As we discussed in class it has been proposed that long non coding RNAs (lncRNAs) can bind
Transcription Factors (which usually bind double-stranded DNA) and compete with the natural promoter of a gene which is regulated by that Transcription Factor. This is another elegant way by which the cell can regulate the gene expression. To-date there are only very few known examples of lncRNA that has been confirmed in the laboratory bind a Transcription Factor. In these cases it was found that the binding motif on the lncRNA is exactly the same as the binding motif on the promoter (DNA).
You are given chip-seq data for 10 Transcription Factors and sequences of 400 lncRNAs, each of length 1000 nucleotides. Your goal is to design a bioinformatics experiments to find the lncRNAs (among the 400) that can bind one or more Transcription factor for which you have chip-seq data.
In your answer you will have to define clearly the research steps you plan. Each step should include the question that is answered in that step, and the bioinformatics tools that you will use to answer it. Please elaborate and explain each step – what is the aim and how does it promote you to the next step.
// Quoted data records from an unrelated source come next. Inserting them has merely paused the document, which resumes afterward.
(* Let $B \in M_m \otimes M_n$ (a real matrix, not necessarily symmetric). Then \[ \mu_{\min}(B) \ge W^{1+i}_{\min}(B) \quad\text{and}\quad \mu_{\max}(B) \le W^{1+i}_{\max}(B). \]
   Context: $M_n$ denotes real $n\times n$ matrices and $M_m\otimes M_n$ is identified with $M_{mn}$ via the Kronecker product. For $A = \sum_j X_j \otimes Y_j \in M_m\otimes M_n$, the partial transpose is the linear map $A^\Gamma = \sum_j X_j \otimes Y_j^T$. For $B \in M_m\otimes M_n$, $\mu_{\min}(B) = \min\{(\mathbf{v}\otimes\mathbf{w})^T B(\mathbf{v}\otimes\mathbf{w}) : \mathbf{v}\in\mathbb{R}^m,\mathbf{w}\in\mathbb{R}^n, \|\mathbf{v}\|=\|\mathbf{w}\|=1\}$ and $\mu_{\max}(B)$ is the corresponding maximum. The numerical range of a complex matrix $A\in M_N(\mathbb{C})$ is $W(A) = \{\mathbf{x}^*A\mathbf{x} : \mathbf{x}\in\mathbb{C}^N, \|\mathbf{x}\|=1\}$. Define $W^{1+i}(B) = \{c\in\mathbb{R} : c(1+i) \in W(B + iB^\Gamma)\}$; this is a nonempty compact interval, and $W^{1+i}_{\min}(B)$, $W^{1+i}_{\max}(B)$ denote its minimum and maximum. *)

From HB Require Import structures.
From mathcomp Require Import all_boot all_order all_algebra.
From mathcomp Require Import classical_sets reals.
From mathcomp Require Import complex mxtens.

Set Implicit Arguments.
Unset Strict Implicit.
Unset Printing Implicit Defensive.

Import Order.TTheory GRing.Theory Num.Theory.
Local Open Scope ring_scope.
Local Open Scope classical_set_scope.

(* M_m (x) M_n is identified with 'M_(m*n) via the Kronecker product:
   the row/column index (i,k) in 'I_m * 'I_n corresponds to i*n + k
   (mxtens_index), and A *t B (tensmx) is the Kronecker product. *)

(* Partial transpose: the linear map  X (x) Y |-> X (x) Y^T, applied to the
   expansion of A in Kronecker products of matrix units
   A = \sum A_{(i,k),(j,l)} E_ij (x) E_kl. *)
Definition ptrans (R : pzRingType) (m n : nat) (A : 'M[R]_(m * n)) : 'M[R]_(m * n) :=
  \sum_(i < m) \sum_(j < m) \sum_(k < n) \sum_(l < n)
     A (mxtens_index (i, k)) (mxtens_index (j, l))
       *: tensmx (delta_mx i j) (delta_mx k l)^T.

Definition unit_rvec (R : realType) (p : nat) (v : 'cV[R]_p) : Prop :=
  \sum_(i < p) v i 0 ^+ 2 = 1.

Definition qform (R : pzRingType) (N : nat) (B : 'M[R]_N) (x : 'cV[R]_N) : R :=
  (x^T *m B *m x) 0 0.

Definition prod_values (R : realType) (m n : nat) (B : 'M[R]_(m * n)) : set R :=
  [set t | exists (v : 'cV[R]_m) (w : 'cV[R]_n),
     unit_rvec v /\ unit_rvec w /\ t = qform B (tensmx v w)].

(* mu_min / mu_max: the minimum / maximum of the above (compact) set;
   written as inf / sup, which equal min / max since the set is compact
   and nonempty for m, n >= 1. *)
Definition mu_min (R : realType) (m n : nat) (B : 'M[R]_(m * n)) : R :=
  inf (prod_values B).
Definition mu_max (R : realType) (m n : nat) (B : 'M[R]_(m * n)) : R :=
  sup (prod_values B).

Definition numrange (R : realType) (N : nat) (A : 'M[R[i]]_N) : set R[i] :=
  [set z | exists x : 'cV[R[i]]_N,
     \sum_(k < N) `|x k 0| ^+ 2 = 1 /\
     z = ((map_mx (@conjc R) x)^T *m A *m x) 0 0].

Definition cplx_mx (R : realType) (p q : nat) (A : 'M[R]_(p, q)) : 'M[R[i]]_(p, q) :=
  map_mx (fun r : R => (r%:C)%C) A.

Definition W1i (R : realType) (m n : nat) (B : 'M[R]_(m * n)) : set R :=
  [set c | numrange (cplx_mx B + (Complex 0 1) *: cplx_mx (ptrans B))
             ((c%:C)%C * (1 + Complex 0 1))].

(* Its minimum and maximum (it is a nonempty compact interval). *)
Definition W1i_min (R : realType) (m n : nat) (B : 'M[R]_(m * n)) : R := inf (W1i B).
Definition W1i_max (R : realType) (m n : nat) (B : 'M[R]_(m * n)) : R := sup (W1i B).

From HB Require Import structures.
From mathcomp Require Import all_boot all_order all_algebra.
From mathcomp Require Import classical_sets reals.
From mathcomp Require Import complex mxtens.
Import Order.TTheory GRing.Theory Num.Theory.
Local Open Scope ring_scope.
Local Open Scope classical_set_scope.

(* For a product vector x = v (x) w the quadratic forms of B and
   of its partial transpose B^Gamma coincide: expanding B in the product basis
   E_ij (x) E_kl, each term becomes X (x) Y resp. X (x) Y^T, whose quadratic
   form at v (x) w is (v^T X v)(w^T Y w) resp. (v^T X v)(w^T Y^T w), and a
   quadratic form is invariant under transposition.  Hence for real unit
   vectors v, w, the complex unit vector x = v (x) w satisfies
   x^* (B + i B^Gamma) x = q (1 + i) with q = (v (x) w)^T B (v (x) w), i.e.
   every value defining mu_min / mu_max lies in W^{1+i}(B).  Since W^{1+i}(B)
   is bounded (numerical ranges are bounded by the entrywise l^1 norm) and the
   set of product values is nonempty, the inequalities between the infima and
   suprema follow. *)

Section Quadratic.
Variable R : comPzRingType.

Lemma sum_mxtens_index (V : nmodType) m n (F : 'I_(m * n) -> V) :
  \sum_(a < m * n) F a = \sum_(i < m) \sum_(k < n) F (mxtens_index (i, k)).
Proof.
rewrite pair_big /= (reindex (@mxtens_index m n)) /=; first by apply: eq_bigr => -[].
by exists (@mxtens_unindex m n) => x _; rewrite (mxtens_indexK, mxtens_unindexK).
Qed.

Lemma delta_mx_tens m n (i j : 'I_m) (k l : 'I_n) :
  delta_mx (mxtens_index (i, k)) (mxtens_index (j, l)) =
  delta_mx i j *t delta_mx k l :> 'M[R]_(m * n).
Proof.
apply/matrixP => a b.
case: (mxtens_indexP a) => a1 a2; case: (mxtens_indexP b) => b1 b2.
rewrite tensmxE !mxE !(inj_eq (can_inj (@mxtens_indexK m n))) !xpair_eqE.
by case: (a1 == i); case: (a2 == k); case: (b1 == j); case: (b2 == l);
  rewrite /= ?mulr1 ?mulr0 ?mul0r.
Qed.

Lemma mx_tens_expand m n (B : 'M[R]_(m * n)) :
  B = \sum_(i < m) \sum_(j < m) \sum_(k < n) \sum_(l < n)
     B (mxtens_index (i, k)) (mxtens_index (j, l)) *: (delta_mx i j *t delta_mx k l).
Proof.
rewrite {1}[B]matrix_sum_delta (@sum_mxtens_index _ m n).
apply: eq_bigr => i _; rewrite exchange_big /= (@sum_mxtens_index _ m n).
apply: eq_bigr => j _; rewrite exchange_big /=.
by apply: eq_bigr => k _; apply: eq_bigr => l _; rewrite delta_mx_tens.
Qed.

Lemma tensmx11 (P Q : 'M[R]_1) (a b : 'I_(1 * 1)) : (P *t Q) a b = P 0 0 * Q 0 0.
Proof.
case: (mxtens_indexP a) => a1 a2; case: (mxtens_indexP b) => b1 b2.
by rewrite tensmxE [a1]ord1 [a2]ord1 [b1]ord1 [b2]ord1.
Qed.

Lemma qformD N (A C : 'M[R]_N) x : qform (A + C) x = qform A x + qform C x.
Proof. by rewrite /qform mulmxDr mulmxDl mxE. Qed.

Lemma qformZ N (c : R) (A : 'M[R]_N) x : qform (c *: A) x = c * qform A x.
Proof. by rewrite /qform -scalemxAr -scalemxAl mxE. Qed.

Lemma qform_sum N I (r : seq I) (P : pred I) (F : I -> 'M[R]_N) x :
  qform (\sum_(i <- r | P i) F i) x = \sum_(i <- r | P i) qform (F i) x.
Proof.
apply: (big_morph (fun A => qform A x)) => [A C|]; first exact: qformD.
by rewrite /qform mulmx0 mul0mx mxE.
Qed.

Lemma qform_tr N (A : 'M[R]_N) x : qform A^T x = qform A x.
Proof.
have tr11 (M : 'M[R]_1) : M^T 0 0 = M 0 0 by rewrite mxE.
by rewrite /qform -[RHS]tr11 !trmx_mul trmxK mulmxA.
Qed.

Lemma qform_tens m n (X : 'M[R]_m) (Y : 'M[R]_n) (v : 'cV[R]_m) (w : 'cV[R]_n) :
  qform (X *t Y) (v *t w) = qform X v * qform Y w.
Proof.
by rewrite /qform (trmx_tens v w) (tensmx_mul v^T w^T X Y) (tensmx_mul (v^T *m X) (w^T *m Y) v w) tensmx11.
Qed.

Lemma qform_ptrans_tens m n (B : 'M[R]_(m * n)) (v : 'cV[R]_m) (w : 'cV[R]_n) :
  qform (ptrans B) (v *t w) = qform B (v *t w).
Proof.
rewrite {2}[B]mx_tens_expand /ptrans !qform_sum.
apply: eq_bigr => i _; rewrite !qform_sum; apply: eq_bigr => j _.
rewrite !qform_sum; apply: eq_bigr => k _; rewrite !qform_sum; apply: eq_bigr => l _.
by rewrite !qformZ !qform_tens qform_tr.
Qed.

End Quadratic.

Lemma unit_rvecE (R : realType) p (v : 'cV[R]_p) : unit_rvec v <-> (v^T *m v) 0 0 = 1.
Proof.
rewrite /unit_rvec mxE.
by under [X in _ <-> X = _]eq_bigr do rewrite !mxE -expr2.
Qed.

Lemma unit_rvec_tens (R : realType) m n (v : 'cV[R]_m) (w : 'cV[R]_n) :
  unit_rvec v -> unit_rvec w -> unit_rvec (v *t w).
Proof.
move=> /unit_rvecE hv /unit_rvecE hw; apply/unit_rvecE.
by rewrite (trmx_tens v w) (tensmx_mul v^T w^T v w) tensmx11 hv hw mulr1.
Qed.

Lemma unit_rvec_delta (R : realType) p (i0 : 'I_p) : unit_rvec (delta_mx i0 0 : 'cV[R]_p).
Proof.
rewrite /unit_rvec (bigD1 i0) //= big1 ?addr0 => [|i hi]; rewrite mxE ?eqxx.
  by rewrite expr1n.
by rewrite (negbTE hi) expr0n.
Qed.

Section Complexification.
Variable R : realType.
Local Open Scope complex_scope.

Lemma cplx_qform N (M : 'M[R]_N) (y : 'cV[R]_N) :
  ((map_mx conjc (cplx_mx y))^T *m cplx_mx M *m cplx_mx y) 0 0 = (qform M y)%:C.
Proof.
have -> : map_mx conjc (cplx_mx y) = cplx_mx y.
  by apply/matrixP => a b; rewrite !mxE conjc_real.
by rewrite /cplx_mx map_trmx -!(map_mxM (real_complex R)) mxE.
Qed.

Lemma cplx_unit N (y : 'cV[R]_N) :
  unit_rvec y -> \sum_(k < N) `|cplx_mx y k 0| ^+ 2 = 1.
Proof.
move=> hy; under eq_bigr do rewrite mxE -add_Re2_Im2 /= expr0n /= addr0.
by rewrite -rmorph_sum hy.
Qed.

Lemma prod_values_sub_W1i m n (B : 'M[R]_(m * n)) : prod_values B `<=` W1i B.
Proof.
move=> _ [v [w [hv [hw ->]]]]; exists (cplx_mx (v *t w)).
split; first exact/cplx_unit/unit_rvec_tens.
rewrite mulmxDr mulmxDl -scalemxAr -scalemxAl mxE [in X in _ = _ + X]mxE.
by rewrite !cplx_qform qform_ptrans_tens mulrDr mulr1 mulrC.
Qed.

Lemma unit_entry_le1 N (x : 'cV[R[i]]_N) a :
  \sum_(k < N) `|x k 0| ^+ 2 = 1 -> `|x a 0| <= 1.
Proof.
move=> hx; rewrite -(@expr_le1 _ 2) // -hx (bigD1 a) //= lerDl.
by apply: sumr_ge0 => k _; exact: exprn_ge0.
Qed.

Lemma numrange_norm_le N (A : 'M[R[i]]_N) z :
  numrange A z -> `|z| <= \sum_(a < N) \sum_(b < N) `|A a b|.
Proof.
move=> [x [hx ->]]; rewrite !mxE; under eq_bigr do rewrite mxE mulr_suml.
rewrite exchange_big /=; apply: le_trans (ler_norm_sum _ _ _) _.
apply: ler_sum => a _; apply: le_trans (ler_norm_sum _ _ _) _.
apply: ler_sum => b _; rewrite !normrM !mxE normcJ.
rewrite -[X in _ <= X]mul1r -[X in _ <= X]mulr1.
apply: ler_pM; rewrite ?mulr_ge0 ?normr_ge0 ?unit_entry_le1 //.
by apply: ler_wpM2r; rewrite ?normr_ge0 ?unit_entry_le1.
Qed.

(* Consequently W^{1+i}(B) is bounded: c is the real part of c (1 + i). *)
Lemma W1i_bounded m n (B : 'M[R]_(m * n)) : exists K, forall c, W1i B c -> `|c| <= K.
Proof.
set A := cplx_mx B + 'i *: cplx_mx (ptrans B).
set S := \sum_(a < m * n) \sum_(b < m * n) `|A a b|.
have S_real : S = (complex.Re S)%:C.
  by rewrite RRe_real // ger0_real // sumr_ge0 // => a _; rewrite sumr_ge0.
exists (complex.Re S) => c /numrange_norm_le cS.
rewrite -lecR -S_real; apply: le_trans cS; apply: le_trans (normc_ge_Re _).
by rewrite /= addr0 mulr1 mul0r subr0.
Qed.

End Complexification.

Lemma inf_sup_subset (R : realType) (S T : set R) :
  S `<=` T -> S !=set0 -> (exists K, forall c, T c -> `|c| <= K) ->
  inf T <= inf S /\ sup S <= sup T.
Proof.
move=> ST S0 [K hK].
have lT : has_lbound T by exists (- K) => c /hK; rewrite ler_norml => /andP[].
have uT : has_ubound T by exists K => c /hK; rewrite ler_norml => /andP[].
split; first by apply: lb_le_inf => // t /ST; exact: ge_inf.
by apply: ge_sup => // t /ST; exact: ub_le_sup.
Qed.

Theorem theorem3p1 (R : realType) (m n : nat) (hm : (0 < m)%N) (hn : (0 < n)%N)
    (B : 'M[R]_(m * n)) :
  W1i_min B <= mu_min B /\ mu_max B <= W1i_max B.
Proof.
apply: inf_sup_subset; [exact: prod_values_sub_W1i | | exact: W1i_bounded].
pose v : 'cV[R]_m := delta_mx (Ordinal hm) 0.
pose w : 'cV[R]_n := delta_mx (Ordinal hn) 0.
exists (qform B (v *t w)), v, w.
by split; [exact: unit_rvec_delta | split; first exact: unit_rvec_delta].
Qed.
Also detail what is the expected output of your analysis.
Note that this is an open question, and there may be many ways you can approach it.
Several important clues to remember when answering the question:
1. In terms of the motif, “T” in DNA is completely equivalent to “U” in RNA
2. Motifs in single-stand are completely different than motifs in double-strand
3. RNA folding algorithms are most accurate for sequences of length 150-200 nucleotides.